Collected data:
Lemma wedge_dist_tri p q z : wedge_dist p q <= wedge_dist p z + wedge_dist z q.
Proof.
  destruct (on_branch_exists p) as [i Hp].
  pose proof (height_nonneg z).
  destruct (classic (on_branch i q)) as [Hq|Hq], (classic (on_branch i z)) as [Hz|Hz].
  - rewrite !(wedge_dist_on_branch i _ _ Hp Hq), (wedge_dist_on_branch i _ _ Hp Hz),
      (wedge_dist_on_branch i _ _ Hz Hq).
    apply dist_tri.
  - rewrite (proj1 (wedge_dist_off_branch i p z Hp Hz)), (proj2 (wedge_dist_off_branch i q z Hq Hz)).
    pose proof (wedge_dist_le_heights p q); lra.
  - rewrite (proj1 (wedge_dist_off_branch i p q Hp Hq)).
    pose proof (height_sub_le_wedge_dist z p); rewrite (wedge_dist_sym z p) in *.
    rewrite (proj1 (wedge_dist_off_branch i z q Hz Hq)); lra.
  - rewrite (proj1 (wedge_dist_off_branch i p q Hp Hq)), (proj1 (wedge_dist_off_branch i p z Hp Hz)).
    pose proof (height_sub_le_wedge_dist z q); lra.
Qed.

Lemma wedge_proj_inj i p q :
  on_branch i p -> on_branch i q -> wedge_proj i p = wedge_proj i q -> p = q.
Proof.
  destruct p as [[j [x hx]]|], q as [[k [y hy]]|]; simpl; intros Hp Hq; subst;
    repeat (destruct excluded_middle_informative; [|contradiction]); rewrite ?cast_branch_refl;
    intros Hxy; subst; try contradiction; try reflexivity.
  do 3 f_equal; apply proof_irrelevance.
Qed.
(* Fix a positive integer $n$ and a nonzero $n$-partition $\lambda$ with $\lambda_n=0$. For every $n$-semistandard tableau $T$ of shape $\lambda$, the final permutation $\pi_T$ of the greedy procedure lies in $S_n^\lambda$.
   Context: Identify $\lambda=(\lambda_1,\dots,\lambda_n)$ with its Young diagram; $c_j$ is the length of column $j$; $\zeta_1<\dots<\zeta_d$ are the distinct column lengths, $\zeta_0:=0$, $\zeta_{d+1}:=n$. $S_n^\lambda$ is the set of permutations $\phi$ (one-line form) with $\phi_{\zeta_{h-1}+1}<\dots<\phi_{\zeta_h}$ for $1\le h\le d+1$. Write $(j,i)$ for the box in column $j$, row $i$. Reading order: $(l,k)\le(j,i)$ iff $l<j$, or $l=j$ and $k\ge i$; convention $(j,c_j+1)$ means $(j-1,1)$. An $n$-semistandard tableau $T$ of shape $\lambda$ has entries in $[n]$, weakly increasing along rows, strictly increasing down columns; $T(j,i)$ is its entry, $C_j$ its $j$-th column. Greedy procedure: $\pi^{(1,1)}$ has first $c_1$ entries those of $C_1$ increasing, followed by the rest of $[n]$ increasing. For $(j,i)$ with $j\ge2$ in reading order from $(2,c_2)$ to $(\lambda_1,1)$, define $\pi^{(j,i)}$ from $\pi:=\pi^{(j,i+1)}$: if $T(j-1,i)=T(j,i)$ set $\pi^{(j,i)}=\pi$; otherwise let $i_0=i$, and given $i_{x-1}$ with $\pi_{i_{x-1}}<T(j,i)$ let $i_x$ be the smallest index $>c_j$ with $\pi_{i_{x-1}}<\pi_{i_x}\le T(j,i)$, stopping at $i_m$ with $\pi_{i_m}=T(j,i)$; set $\pi^{(j,i)}_{i_x}=\pi_{i_{x-1}}$ ($1\le x\le m$), $\pi^{(j,i)}_{i_0}=\pi_{i_m}$, others unchanged. $\pi_T:=\pi^{(\lambda_1,1)}$. *)

From mathcomp Require Import all_boot.
Set Implicit Arguments. Unset Strict Implicit. Unset Printing Implicit Defensive.

(* Conventions: rows i and columns j are 1-indexed; a partition lambda is a
   seq of length n (lambda_i = nth 0 lambda (i-1)); permutations of [n] are
   given in one-line form as seqs (phi_k = nth 0 phi (k-1)). *)

Definition lam (lambda : seq nat) (i : nat) : nat := nth 0 lambda i.-1.

Definition is_npartition (n : nat) (lambda : seq nat) : bool :=
  (size lambda == n) && sorted geq lambda.

Definition nonzero_partition (lambda : seq nat) : bool := has (fun x => 0 < x) lambda.

Definition ncols (lambda : seq nat) : nat := head 0 lambda.

Definition collen (lambda : seq nat) (j : nat) : nat := count (fun l => j <= l) lambda.

(* box (j,i) : column j, row i *)
Definition in_diagram (n : nat) (lambda : seq nat) (j i : nat) : bool :=
  [&& 1 <= i, i <= n, 1 <= j & j <= lam lambda i].

(* T j i = entry of T in column j, row i *)
Definition is_ssyt (n : nat) (lambda : seq nat) (T : nat -> nat -> nat) : Prop :=
  (forall j i, in_diagram n lambda j i -> 1 <= T j i <= n) /\
  (forall j i, in_diagram n lambda j i -> in_diagram n lambda j.+1 i ->
     T j i <= T j.+1 i) /\
  (forall j i, in_diagram n lambda j i -> in_diagram n lambda j i.+1 ->
     T j i < T j i.+1).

Exercise objective:
Find every line of the data that includes the string "destruct". Copy each of those lines.

Answer to this problem:
  destruct (on_branch_exists p) as [i Hp].
  destruct (classic (on_branch i q)) as [Hq|Hq], (classic (on_branch i z)) as [Hz|Hz].
  destruct p as [[j [x hx]]|], q as [[k [y hy]]|]; simpl; intros Hp Hq; subst;
    repeat (destruct excluded_middle_informative; [|contradiction]); rewrite ?cast_branch_refl;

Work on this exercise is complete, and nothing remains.